Determine if the point (3,8) is a solution to the simultaneous inequalities y>x+5 and y≤6x−3 . Select the response that gives the correct answer as well as the correct reasoning.(1 point)

To determine if the point (3, 8) is a solution to the simultaneous inequalities \( y > x + 5 \) and \( y \leq 6x - 3 \), we need to check each inequality:

1. For the inequality \( y > x + 5 \):

   • Substitute \( x = 3 \) and \( y = 8 \): \[ 8 > 3 + 5 \implies 8 > 8 \] This is not true because 8 is not greater than 8.
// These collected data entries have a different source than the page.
(* Let $M\subseteq\mathbb N$ be infinite, let $\mathcal B$ be a barrier on $M$, and let $f:\mathcal B\to c_0$ be an internal mapping which is bounded, i.e. there is $C$ such that $\|f(s)\|_\infty\le C$ for every $s\in\mathcal B$. Then for every $\varepsilon>0$ there exist an infinite set $N\subseteq M$ and a $U$-mapping $g:\mathcal B\upharpoonright N\to c_{00}$ such that $\|f(s)-g(s)\|_{\ell_1}\le\varepsilon$ for every $s\in\mathcal B\upharpoonright N$.
   Context: $\mathbb N=\{0,1,2,\dots\}$; $\mathrm{FIN}$ is the family of finite subsets of $\mathbb N$. For $X,Y\subseteq\mathbb N$: $X<Y$ means $\max X<\min Y$ (with $\emptyset<X$ and $X<\emptyset$ for all $X$); $X\sqsubseteq Y$ means $X\subseteq Y$ and $X<Y\setminus X$; $X/Y=\{m\in X: m>\max Y\}$. A family $\mathcal B\subseteq\mathrm{FIN}$ is a barrier on $M$ if every member is a subset of $M$, no member is a proper subset of another member, and every infinite $N\subseteq M$ has some $s\in\mathcal B$ with $s\sqsubseteq N$. For a family $\mathcal F$ and $N\subseteq\mathbb N$, $\mathcal F\upharpoonright N=\{s\in\mathcal F: s\subseteq N\}$. For $\xi\in c_0$, $\mathrm{supp}\,\xi=\{i:\xi(i)\ne0\}$; $c_{00}$ denotes finitely supported sequences. A map $f:\mathcal F\to c_0$ ($\mathcal F\subseteq\mathrm{FIN}$) is internal if $\mathrm{supp}\, f(s)\subseteq s$ for all $s\in\mathcal F$; it is uniform if for every $t\in\mathrm{FIN}$ all values $f(s)(\min(s/t))$, for $s\in\mathcal F$ with $t\sqsubseteq s$ and $s/t\neq\emptyset$, coincide; a $U$-mapping is an internal uniform mapping. *)

From Stdlib Require Import Reals.
Open Scope R_scope.

Definition natset := nat -> Prop.

Definition subset (X Y : natset) : Prop := forall k, X k -> Y k.

Definition finset (X : natset) : Prop := exists n, forall k, X k -> (k < n)%nat.

Definition infinite (X : natset) : Prop := forall n, exists k, (n <= k)%nat /\ X k.

(* X < Y : max X < min Y, with emptyset < X and X < emptyset *)
Definition set_lt (X Y : natset) : Prop := forall x y, X x -> Y y -> (x < y)%nat.

Definition setminus (X Y : natset) : natset := fun k => X k /\ ~ Y k.

Definition initial_seg (X Y : natset) : Prop := subset X Y /\ set_lt X (setminus Y X).

(* X / Y = {m in X : m > max Y}  (Y finite; for Y empty this is X) *)
Definition set_after (X Y : natset) : natset := fun m => X m /\ forall y, Y y -> (y < m)%nat.

Definition is_min (m : nat) (X : natset) : Prop := X m /\ forall k, X k -> (m <= k)%nat.

Definition barrier (B : natset -> Prop) (M : natset) : Prop :=
  (forall s, B s -> finset s /\ subset s M) /\
  (forall s t, B s -> B t -> subset s t -> subset t s) /\
  (forall N, subset N M -> infinite N -> exists s, B s /\ initial_seg s N).

Definition restrict (F : natset -> Prop) (N : natset) : natset -> Prop :=
  fun s => F s /\ subset s N.

Definition in_c0 (x : nat -> R) : Prop := Un_cv x 0.

Definition in_c00 (x : nat -> R) : Prop := exists n, forall i, (n <= i)%nat -> x i = 0.
(* Let $\Gamma$ be a group and let $\mathbb{K}$ be a field. Then the set of normal subgroups $N \subset \Gamma$ such that the quotient group $\Gamma/N$ is L$_{\mathbb{K}}$-surjunctive is closed (and hence compact) in $\mathcal{N}(\Gamma)$.
   Context: $\mathcal{N}(\Gamma)$ denotes the set of normal subgroups of $\Gamma$, viewed as a subset of $\mathcal{P}(\Gamma) = \{0,1\}^\Gamma$ with the prodiscrete (product of discrete) topology; it is compact. For a group $G$ and a vector space $V$ over $\mathbb{K}$, $V^G$ carries the prodiscrete uniform structure and the $G$-shift $(gx)(h) = x(g^{-1}h)$. A linear cellular automaton $\tau \colon V^G \to V^G$ is a $\mathbb{K}$-linear map for which there exist a finite set $S \subset G$ and a (linear) map $\mu \colon V^S \to V$ with $\tau(x)(g) = \mu((g^{-1}x)\vert_S)$ for all $x \in V^G$, $g \in G$. A map is surjunctive if it is surjective or not injective. A group $G$ is L$_{\mathbb{K}}$-surjunctive if for every finite-dimensional vector space $V$ over $\mathbb{K}$, every linear cellular automaton $\tau \colon V^G \to V^G$ is surjunctive. *)

From HB Require Import structures.
From mathcomp Require Import all_boot all_order ssralg vector.
From mathcomp Require Import boolp classical_sets topology function_spaces.

Set Implicit Arguments.
Unset Strict Implicit.
Unset Printing Implicit Defensive.

Section Quotient.
Variable G : groupType.
Local Open Scope group_scope.

(* N : G -> bool is a subset of G, i.e. an element of P(G) = {0,1}^G. *)
Definition is_normal_subgroup (N : G -> bool) : Prop :=
  [/\ N 1,
      (forall x y, N x -> N y -> N (x * y^-1)) &
      (forall g x, N x -> N (g^-1 * x * g))].

Definition lcoset (N : G -> bool) (g : G) : G -> bool := fun h => N (g^-1 * h).

Variables (N : G -> bool) (hN : is_normal_subgroup N).

Definition quot_carrier : Type := {A : G -> bool | exists g, A = lcoset N g}.

HB.instance Definition _ := gen_eqMixin quot_carrier.
HB.instance Definition _ := gen_choiceMixin quot_carrier.

Definition qmk (g : G) : quot_carrier := exist _ (lcoset N g) (ex_intro _ g erefl).
Definition qrepr (A : quot_carrier) : G := sval (cid (svalP A)).

Lemma qreprE A : A = qmk (qrepr A).
Proof.
case: A => A hA; rewrite /qrepr /qmk /=; case: (cid _) => g hg /=.
exact: eq_exist.
Qed.

Lemma N_inv x : N x -> N x^-1.
Proof. by case: hN => h1 hd _ /(hd 1) -/(_ h1); rewrite mul1g. Qed.

Lemma N_mul x y : N x -> N y -> N (x * y).
Proof.
case: hN => _ hd _ Nx /N_inv Ny; by have := hd _ _ Nx Ny; rewrite invgK.
Qed.

Lemma N_conj g x : N x -> N (g^-1 * x * g).
Proof. by case: hN => _ _; apply. Qed.

Lemma qmk_eq a b : N (a^-1 * b) -> qmk a = qmk b.
Proof.
move=> Nab; apply: eq_exist; apply: funext => h; rewrite /lcoset.
apply/idP/idP => H.
  have := N_mul (N_inv Nab) H; by rewrite invgM invgK mulgA mulgK.
have := N_mul Nab H; by rewrite mulgA mulgK.
Qed.

Lemma qmk_eqP a b : qmk a = qmk b -> N (a^-1 * b).
Proof.
move=> /(congr1 sval) /= /(congr1 (fun f => f b)); rewrite /lcoset mulVg => ->.
by case: hN.
Qed.

Definition qmul (A B : quot_carrier) := qmk (qrepr A * qrepr B).
Definition qone := qmk 1.
Definition qinv (A : quot_carrier) := qmk (qrepr A)^-1.

Lemma qmulE a b : qmul (qmk a) (qmk b) = qmk (a * b).
Proof.
rewrite /qmul; apply: qmk_eq.
have ha := qmk_eqP (esym (qreprE (qmk a))).
have hb := qmk_eqP (esym (qreprE (qmk b))).
move: ha hb; set a' := qrepr (qmk a); set b' := qrepr (qmk b) => ha hb.
have -> : (a' * b')^-1 * (a * b) = (b'^-1 * (a'^-1 * a) * b') * (b'^-1 * b).
  by rewrite invgM -!mulgA mulVKg.
by apply: N_mul => //; exact: N_conj.
Qed.

Lemma qinvE a : qinv (qmk a) = qmk a^-1.
Proof.
rewrite /qinv; apply: qmk_eq.
have ha := qmk_eqP (esym (qreprE (qmk a))).
move: ha; set a' := qrepr (qmk a) => ha.
rewrite invgK.
have := N_conj a^-1 (N_inv ha); by rewrite invgM !invgK mulVKg.
Qed.

Lemma qind (P : quot_carrier -> Prop) : (forall a, P (qmk a)) -> forall A, P A.
Proof. by move=> H A; rewrite (qreprE A). Qed.

Lemma qmulA : associative qmul.
Proof.
by elim/qind => a; elim/qind => b; elim/qind => c; rewrite !qmulE mulgA.
Qed.
Lemma qmul1 : left_id qone qmul.
Proof. by elim/qind => a; rewrite /qone qmulE mul1g. Qed.
Lemma qmulr1 : right_id qone qmul.
Proof. by elim/qind => a; rewrite /qone qmulE mulg1. Qed.
Lemma qmulV : left_inverse qone qinv qmul.
Proof. by elim/qind => a; rewrite qinvE qmulE mulVg. Qed.
Lemma qmulrV : right_inverse qone qinv qmul.
Proof. by elim/qind => a; rewrite qinvE qmulE mulgV. Qed.

End Quotient.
2. For the inequality \( y \leq 6x - 3 \):

   • Substitute \( x = 3 \) and \( y = 8 \): \[ 8 \leq 6(3) - 3 \implies 8 \leq 18 - 3 \implies 8 \leq 15 \] This is true because 8 is less than or equal to 15.

Based on this analysis:

• The point (3, 8) is not a solution for the first inequality \( y > x + 5 \).
• The point (3, 8) is a solution for the second inequality \( y \leq 6x - 3 \).

Therefore, the correct response is:

No, it is in the solution set for \( y \leq 6x - 3 \), but on the line for \( y > x + 5 \).